I have a program that opens an embedded database and runs several queries on it. I am using one ExecutionEngine and reusing it for each query. Just running the first 3 queries, which are the simplest, takes - well, I don't know how long it takes because I stopped it after about 1/2 an hour, after which it had done only 2 queries. I have had issues with Cypher being slow on this graph before, but it's never been this bad. I am using the API for some more complicated queries, but I'd rather use Cypher for these because they are so simple. I also have some other queries that I would like to run that basically need to run through and return most of the database, some nodes multiple times.. I know this is not recommended, but I need everything laid out according to their relationships - getting every node in the graph will be entirely useless. That query take a few days, at the rate I'm going. I have no problem with what other people consider "slow" (e.g. 500 ms), b/c this is not a real-time application, but 20 minutes is excessive. What's going wrong? What am I doing wrong?
My database contains several million nodes and at least as many relationships. Neo4j is supposed to be able to handle graphs that large easily. Why am I getting such crazily long execution times?
If anyone can help me with this (maybe my queries are all wrong?), I'd really appreciate it!
Thanks, bsg Here is the code for the first three queries that take 30 minutes+ together. It runs each one and prints the result (a simple count) to a file.
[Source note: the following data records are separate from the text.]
(* Every element of S_r is a power sum  sum_{k in ks} r^k  over a finite
   multiset ks of exponents ([inSP]), hence (for r > 0) every atom is a
   power of r ([atom_pow]).  Write r = n/d in lowest terms.
   - r < 1 ([omega_inf_lt1]): choose K with N r^K < 1 and split r^K into
     atoms; d^K copies of this splitting sum to n^K, which 1 divides, while
     any N of these atoms sum to at most N r^K < 1.
   - r >= 1, upper bound omega(1) <= d ([omega_bound_den]).  The arithmetic
     heart is [nat_ndvd_low_digits]: if every exponent occurs fewer than d
     times in ks, no positive integer divides r * sum_{k in ks} r^k; it is
     proved by induction on the exponents, using that n divides every integer
     in r Z[1/d].  So a sum of atoms divisible by 1 contains the atom 1 or
     d equal atoms r^(j+1), whose sum n r^j is divisible by 1.  For r an
     integer d = 1, which gives omega(1) = 1.
   - r > 1 not an integer, lower bound ([den_le_omega_bound]): r is then an
     atom, d copies of it sum to n, and by [nat_ndvd_low_digits] no fewer
     copies sum to a multiple of 1.
   The theorem combines these three facts.  ([Defs.sdvd] is qualified since
   the order library also defines an [sdvd].) *)

Lemma sumr_nseq (T : Type) (V : nmodType) (F : T -> V) m x :
  \sum_(i <- nseq m x) F i = F x *+ m.
Proof. by rewrite big_nseq; elim: m => [|m ih] //=; rewrite ih mulrS. Qed.

Section PowerSums.

Variable r : rat.

Definition pow_sum (ks : seq nat) : rat := \sum_(k <- ks) r ^+ k.

Lemma pow_sum_cat ks ls : pow_sum (ks ++ ls) = pow_sum ks + pow_sum ls.
Proof. exact: big_cat. Qed.

Lemma pow_sum_nseq m k : pow_sum (nseq m k) = m%:R * r ^+ k.
Proof. by rewrite /pow_sum sumr_nseq mulr_natl. Qed.

Lemma coef_sum_widen (c : seq nat) B : (size c <= B)%N ->
  \sum_(i < size c) (nth 0%N c i)%:R * r ^+ i =
  \sum_(i < B) (nth 0%N c i)%:R * r ^+ i.
Proof.
move=> hB; rewrite (big_ord_widen B (fun i => (nth 0%N c i)%:R * r ^+ i)) //.
rewrite big_mkcond; apply: eq_bigr => i _; case: ltnP => // hi.
by rewrite nth_default // mul0r.
Qed.

Lemma inS_add x y : inS r x -> inS r y -> inS r (x + y).
Proof.
move=> [c ->] [c' ->]; set B := maxn (size c) (size c').
exists [seq (nth 0 c i + nth 0 c' i)%N | i <- iota 0 B].
rewrite size_map size_iota (coef_sum_widen (leq_maxl (size c) (size c'))).
rewrite (coef_sum_widen (leq_maxr (size c) (size c'))) -big_split.
apply: eq_bigr => i _ /=.
by rewrite (nth_map 0%N) ?size_iota // nth_iota // add0n natrD mulrDl.
Qed.

Lemma inS_pow k : inS r (r ^+ k).
Proof.
exists (rcons (nseq k 0%N) 1%N); rewrite size_rcons size_nseq big_ord_recr /=.
rewrite nth_rcons size_nseq ltnn eqxx mul1r big1 ?add0r // => i _.
by rewrite nth_rcons size_nseq ltn_ord nth_nseq ltn_ord mul0r.
Qed.

Lemma inSP x : inS r x <-> exists ks, x = pow_sum ks.
Proof.
split=> [[c ->] | [ks ->]].
  apply: (big_ind (fun y => exists ks, y = pow_sum ks)).
  - by exists [::]; rewrite /pow_sum big_nil.
  - by move=> _ _ [ks ->] [ls ->]; exists (ks ++ ls); rewrite pow_sum_cat.
  - by move=> i _; exists (nseq (nth 0%N c i) (val i)); rewrite pow_sum_nseq.
apply: (big_ind (inS r)); [|exact: inS_add|by move=> k _; apply: inS_pow].
by exists [::]; rewrite big_ord0.
Qed.

Lemma inS_nat m : inS r m%:R.
Proof. by apply/inSP; exists (nseq m 0%N); rewrite pow_sum_nseq mulr1. Qed.

Lemma inS_ge0 x : 0 <= r -> inS r x -> 0 <= x.
Proof.
by move=> hr /inSP [ks ->]; apply: sumr_ge0 => k _; apply: exprn_ge0.
Qed.

Definition shift_exps (ks : seq nat) : seq nat := [seq k.-1 | k <- ks & (0 < k)%N].

Lemma pow_sum_shift ks :
  pow_sum ks = (count_mem 0%N ks)%:R + r * pow_sum (shift_exps ks).
Proof.
rewrite /pow_sum; elim: ks => [|[|k] ks ih] /=; first by rewrite !big_nil mulr0 addr0.
  by rewrite big_cons ih expr0 natrD addrA.
by rewrite !big_cons ih add0n mulrDr exprS addrCA.
Qed.

Lemma count_shift_exps ks j : count_mem j (shift_exps ks) = count_mem j.+1 ks.
Proof.
rewrite count_map count_filter; apply: eq_count => -[|k] /=.
by rewrite andbF. by rewrite andbT.
Qed.

End PowerSums.

Section Atoms.

Variable r : rat.
Hypothesis hr : 0 < r.

Lemma atom_gt0 a : atom r a -> 0 < a.
Proof.
by move=> [ha [/eqP ha0 _]]; rewrite lt0r ha0 (inS_ge0 (ltW hr) ha).
Qed.

(* Every atom of S_r is a power of r: split one power off its power sum. *)
Lemma atom_pow a : atom r a -> exists k, a = r ^+ k.
Proof.
move=> [/inSP [[|k ks] ea] [ha0 hsplit]].
  by exfalso; apply: ha0; rewrite ea /pow_sum big_nil.
have ea' : a = r ^+ k + pow_sum r ks by rewrite ea /pow_sum big_cons.
have hks : inS r (pow_sum r ks) by apply/inSP; exists ks.
have [hk | hks0] := hsplit _ _ (inS_pow r k) hks ea'.
  by move/eqP: hk; rewrite expf_eq0 (gt_eqF hr) andbF.
by exists k; rewrite ea' hks0 addr0.
Qed.

Lemma atoms_pow s : (forall a, a \in s -> atom r a) ->
  exists ks, s = map (fun k => r ^+ k) ks.
Proof.
elim: s => [|a s ih] hs; first by exists [::].
have [k ->] := atom_pow (hs a (mem_head a s)).
have [ks ->] : exists ks, s = map (fun k => r ^+ k) ks.
  by apply: ih => b hb; apply: hs; rewrite in_cons hb orbT.
by exists (k :: ks).
Qed.

End Atoms.

Lemma sum_mem_le (s : seq rat) x :
  (forall a, a \in s -> 0 <= a) -> x \in s -> x <= \sum_(a <- s) a.
Proof.
move=> hs hx; rewrite (big_rem _ hx) /= lerDl big_seq; apply: sumr_ge0 => a ha.
by apply: hs; apply: mem_rem ha.
Qed.

Lemma sum_le_const (t : seq rat) c :
  (forall a, a \in t -> a <= c) -> \sum_(a <- t) a <= c *+ size t.
Proof.
elim: t => [|a t ih] ht; first by rewrite big_nil.
rewrite big_cons mulrS lerD ?ht ?mem_head // ih // => b hb.
by rewrite ht // in_cons hb orbT.
Qed.

Lemma subseq_nseq (T : eqType) (s : seq T) x m :
  (m <= count_mem x s)%N -> subseq (nseq m x) s.
Proof.
move=> hm; apply: subseq_trans (filter_subseq (pred1 x) s).
have -> : filter (pred1 x) s = nseq (count_mem x s) x.
  by rewrite -size_filter; apply/all_pred1P; apply: filter_all.
by rewrite -(take_nseq x hm) take_subseq.
Qed.

Lemma num_den_eq (r : rat) : 0 < r -> r * (`|denq r|%N)%:R = (`|numq r|%N)%:R.
Proof.
move=> hr; have hn : 0 <= numq r by rewrite numq_ge0 ltW.
by rewrite !natr_absz !ger0_norm ?denq_ge0 // numqE.
Qed.

Section DenominatorPowers.

Variables (r : rat) (n d : nat).
Hypothesis hrd : r * d%:R = n%:R.

(* z lies in Z[1/d]: some power of d clears its denominator. *)
Definition Zd (z : rat) : Prop := exists M (w : int), d%:R ^+ M * z = w%:~R.

Lemma Zd_nat m : Zd m%:R.
Proof. by exists 0%N, m%:Z; rewrite expr0 mul1r. Qed.

Lemma Zd_add x y : Zd x -> Zd y -> Zd (x + y).
Proof.
move=> [M [w hw]] [K [v hv]]; exists (M + K)%N, (w * d%:Z ^+ K + v * d%:Z ^+ M).
have -> : d%:R ^+ (M + K) * (x + y) =
          (d%:R ^+ M * x) * d%:R ^+ K + (d%:R ^+ K * y) * d%:R ^+ M.
  by rewrite exprD; ring.
by rewrite hw hv rmorphD /= !rmorphM /= !rmorphXn.
Qed.

Lemma Zd_opp x : Zd x -> Zd (- x).
Proof. by move=> [M [w hw]]; exists M, (- w); rewrite mulrN hw rmorphN. Qed.

Lemma Zd_mul x y : Zd x -> Zd y -> Zd (x * y).
Proof.
move=> [M [w hw]] [K [v hv]]; exists (M + K)%N, (w * v).
by rewrite exprD mulrACA hw hv rmorphM.
Qed.

Lemma Zd_r : Zd r.
Proof. by exists 1%N, n%:Z; rewrite expr1 mulrC hrd. Qed.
ExecutionEngine eng = new ExecutionEngine(graphdb);
String filepath = resultstring + "basicstats.txt";
PrintWriter basics = new PrintWriter(resultstring + "basicstats.txt");
String querystring = "START user=node:userIndex(\"Username:*\")" +
" WHERE has(user.FullNodeCreationTime) "
+ " RETURN COUNT(user) AS numcrawled";
ExecutionResult result = eng.execute(querystring);
basics.print("Number of users crawled: ");
basics.println(result.iterator().next().get("numcrawled"));
String otherusers = "START user=node:userIndex(\"Username:*\")" +
" WHERE NOT has(user.FullNodeCreationTime)" +
" RETURN COUNT(user) AS numtouched";
result = eng.execute(otherusers);
basics.print("Number of users touched (not crawled): ");
basics.println(result.iterator().next().get("numtouched"));
String partialinfousers = "START user=node:userIndex(\"Username:*\")" +
" WHERE NOT has(user.FullNodeCreationTime) AND NOT has(user.NumFollowers)" +
" RETURN COUNT(user.Username) AS numcrawled";
result = eng.execute(partialinfousers);
basics.print("Number of users with partial info: ");
basics.println(result.iterator().next().get("numcrawled"));
basics.close();